(* Suppose the jobs of an instance of $Pm||\sum w_jU_j$ are indexed so that $d_1\le d_2\le\dots\le d_n$, and consider a feasible solution in the discarding formulation: a set $S\subseteq J$ of scheduled jobs with a proper schedule $\sigma$ of $S$ in which every scheduled job $j$ satisfies $C_j(\sigma)\le d_j$, the cost being $\sum_{j\in J\setminus S}w_j$. Let $\sigma'$ be the intermediate schedule obtained from $\sigma$ by an admissible swap at some step $j^*\in S$ between machines $M_h$ and $M_i$. Then $\sigma'$ schedules the same set $S$ with every scheduled job completing by its due date; in particular $\sum w_jU_j(\sigma')\le\sum w_jU_j(\sigma)$.
   Context: Jobs $J=\{1,\dots,n\}$, job $j$ with positive integer processing time $p_j$, nonnegative integer weight $w_j$ and integer due date $d_j$; $m$ identical machines $M_1,\dots,M_m$; $p_{\max}=\max_{j\in J} p_j$, $P(X)=\sum_{j\in X}p_j$. In the discarding formulation of $Pm||\sum w_jU_j$, tardy jobs are discarded and incur penalty $w_j$: a solution schedules a subset $S$ of jobs, each completing by its due date, and $\sum w_jU_j$ equals the total weight of discarded jobs. A proper schedule $\sigma$ of $S$ is a partition $S=S_1(\sigma)\cup\dots\cup S_m(\sigma)$, the jobs of $S_i(\sigma)$ processed on $M_i$ consecutively from time $0$ without idle time in increasing index order; $C_j(\sigma)$ is the completion time of $j$. For $j\in S$ let $J_{i,j}(\sigma)=\{k\in S_i(\sigma):k\le j\}$ and $\Delta_{h,i,j}(\sigma)=P(J_{h,j}(\sigma))-P(J_{i,j}(\sigma))$. The swap: admissible for $\sigma$ at step $j^*$ with machines $M_h,M_i$ if $j^*\in S_h(\sigma)$, $|S_i(\sigma)\setminus J_{i,j^*}(\sigma)|\ge 2p_{\max}$, and $\Delta_{h,i,j^*}(\sigma)\ge 4p_{\max}^2$. Let $J_I$ be the first (smallest-index) $2p_{\max}$ jobs of $S_i(\sigma)\setminus J_{i,j^*}(\sigma)$ and $J_H$ the last (largest-index) $2p_{\max}$ jobs of $J_{h,j^*}(\sigma)$; choose non-empty $J_{H'}\subseteq J_H$, $J_{I'}\subseteq J_I$ with $P(J_{H'})=P(J_{I'})$. The intermediate schedule $\sigma'$: on $M_h$ the time interval occupied by $J_H$ in $\sigma$ is filled by $J_H\setminus J_{H'}$ then $J_{I'}$; on $M_i$ the interval occupied by $J_I$ is filled by $J_{H'}$ then $J_I\setminus J_{I'}$ (each group in its order in $\sigma$); all other jobs keep their positions; no discarded job is scheduled. *)

From HB Require Import structures.
From mathcomp Require Import all_boot all_order all_algebra.
Set Implicit Arguments. Unset Strict Implicit. Unset Printing Implicit Defensive.
Import Order.TTheory GRing.Theory Num.Theory.

(* Jobs are 'I_n (0-based indices, index order = the paper's index order),
   machines are 'I_m.  A schedule assigns to each machine the sequence of jobs
   it processes, consecutively from time 0 without idle time, in the order of
   the sequence. *)

Definition schedule (n m : nat) := 'I_m -> seq 'I_n.

Definition Psum n (p : 'I_n -> nat) (X : seq 'I_n) : nat := \sum_(x <- X) p x.

Definition pmax n (p : 'I_n -> nat) : nat := \max_(j < n) p j.

Definition comp_time n (p : 'I_n -> nat) (s : seq 'I_n) (j : 'I_n) : nat :=
  Psum p (take (index j s).+1 s).

Definition schedules n m (sigma : schedule n m) (S : {set 'I_n}) : Prop :=
  forall j : 'I_n, \sum_(k < m) count_mem j (sigma k) = (j \in S : nat).

Definition proper_sched n m (sigma : schedule n m) (S : {set 'I_n}) : Prop :=
  schedules sigma S /\
  forall k : 'I_m, sorted (fun a b : 'I_n => (a < b)%N) (sigma k).

Definition on_time n m (p : 'I_n -> nat) (d : 'I_n -> int)
    (sigma : schedule n m) : Prop :=
  forall (k : 'I_m) (j : 'I_n), j \in sigma k ->
    ((comp_time p (sigma k) j)%:Z <= d j)%R.

Definition scheduled n m (sigma : schedule n m) : {set 'I_n} :=
  [set j | [exists k : 'I_m, j \in sigma k]].

Definition cost n (w : 'I_n -> nat) (S : {set 'I_n}) : nat :=
  \sum_(j in ~: S) w j.

Definition Jle n m (sigma : schedule n m) (k : 'I_m) (j : 'I_n) : seq 'I_n :=
  [seq x <- sigma k | (nat_of_ord x <= j)%N].
Definition Jgt n m (sigma : schedule n m) (k : 'I_m) (j : 'I_n) : seq 'I_n :=
  [seq x <- sigma k | (j < nat_of_ord x)%N].

Definition Delta n m (p : 'I_n -> nat) (sigma : schedule n m)
    (h i : 'I_m) (j : 'I_n) : int :=
  ((Psum p (Jle sigma h j))%:Z - (Psum p (Jle sigma i j))%:Z)%R.

Definition admissible n m (p : 'I_n -> nat) (sigma : schedule n m)
    (jstar : 'I_n) (h i : 'I_m) : Prop :=
  [/\ jstar \in sigma h,
      (2 * pmax p <= size (Jgt sigma i jstar))%N &
      (((4 * pmax p ^ 2)%N)%:Z <= Delta p sigma h i jstar)%R].

Definition J_I n m (p : 'I_n -> nat) (sigma : schedule n m)
    (jstar : 'I_n) (i : 'I_m) : seq 'I_n :=
  take (2 * pmax p) (Jgt sigma i jstar).
Definition J_I_after n m (p : 'I_n -> nat) (sigma : schedule n m)
    (jstar : 'I_n) (i : 'I_m) : seq 'I_n :=
  drop (2 * pmax p) (Jgt sigma i jstar).
Definition J_H n m (p : 'I_n -> nat) (sigma : schedule n m)
    (jstar : 'I_n) (h : 'I_m) : seq 'I_n :=
  drop (size (Jle sigma h jstar) - 2 * pmax p) (Jle sigma h jstar).
Definition J_H_before n m (p : 'I_n -> nat) (sigma : schedule n m)
    (jstar : 'I_n) (h : 'I_m) : seq 'I_n :=
  take (size (Jle sigma h jstar) - 2 * pmax p) (Jle sigma h jstar).

Definition swap_sched n m (p : 'I_n -> nat) (sigma : schedule n m)
    (jstar : 'I_n) (h i : 'I_m) (JH' JI' : {set 'I_n}) : schedule n m :=
  fun k =>
    if k == h then
      J_H_before p sigma jstar h
      ++ [seq x <- J_H p sigma jstar h | x \notin JH']
      ++ [seq x <- J_I p sigma jstar i | x \in JI']
      ++ Jgt sigma h jstar
    else if k == i then
      Jle sigma i jstar
      ++ [seq x <- J_H p sigma jstar h | x \in JH']
      ++ [seq x <- J_I p sigma jstar i | x \notin JI']
      ++ J_I_after p sigma jstar i
    else sigma k.

From HB Require Import structures.
From mathcomp Require Import all_boot all_order all_algebra zify.
Import Order.TTheory GRing.Theory Num.Theory.

(* On M_h the block J_H is refilled by J_H \ J_H' followed by J_I', on M_i the
   block J_I by J_H' followed by J_I \ J_I'.  Since P(J_H') = P(J_I'), each
   refilled block occupies the same time interval as before, so every job
   outside the two blocks keeps its completion time and the jobs of
   J_H \ J_H' only move earlier.  Each block has total processing time at most
   2 p_max^2, whereas Delta_{h,i,j*} >= 4 p_max^2; hence J_H' starts on M_i no
   later than J_H started on M_h, and the moved jobs of J_I, all of index
   above j* and thus due no earlier than d_{j*}, finish by
   P(J_{h,j*}) <= C_{j*} <= d_{j*}. *)

Set Implicit Arguments. Unset Strict Implicit. Unset Printing Implicit Defensive.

____________

**DESCRIPTION OF THE TASK:** Your task for the entries above: copy exactly the span starting with the line with "Definition Psum n" and going on through the line with "((comp_time p (sigma k) j)%:Z <= d j)%R.", both lines included, and nothing else.

**PROBLEM SOLUTION:**
Definition Psum n (p : 'I_n -> nat) (X : seq 'I_n) : nat := \sum_(x <- X) p x.

Definition pmax n (p : 'I_n -> nat) : nat := \max_(j < n) p j.

Definition comp_time n (p : 'I_n -> nat) (s : seq 'I_n) (j : 'I_n) : nat :=
  Psum p (take (index j s).+1 s).

Definition schedules n m (sigma : schedule n m) (S : {set 'I_n}) : Prop :=
  forall j : 'I_n, \sum_(k < m) count_mem j (sigma k) = (j \in S : nat).

Definition proper_sched n m (sigma : schedule n m) (S : {set 'I_n}) : Prop :=
  schedules sigma S /\
  forall k : 'I_m, sorted (fun a b : 'I_n => (a < b)%N) (sigma k).

Definition on_time n m (p : 'I_n -> nat) (d : 'I_n -> int)
    (sigma : schedule n m) : Prop :=
  forall (k : 'I_m) (j : 'I_n), j \in sigma k ->
    ((comp_time p (sigma k) j)%:Z <= d j)%R.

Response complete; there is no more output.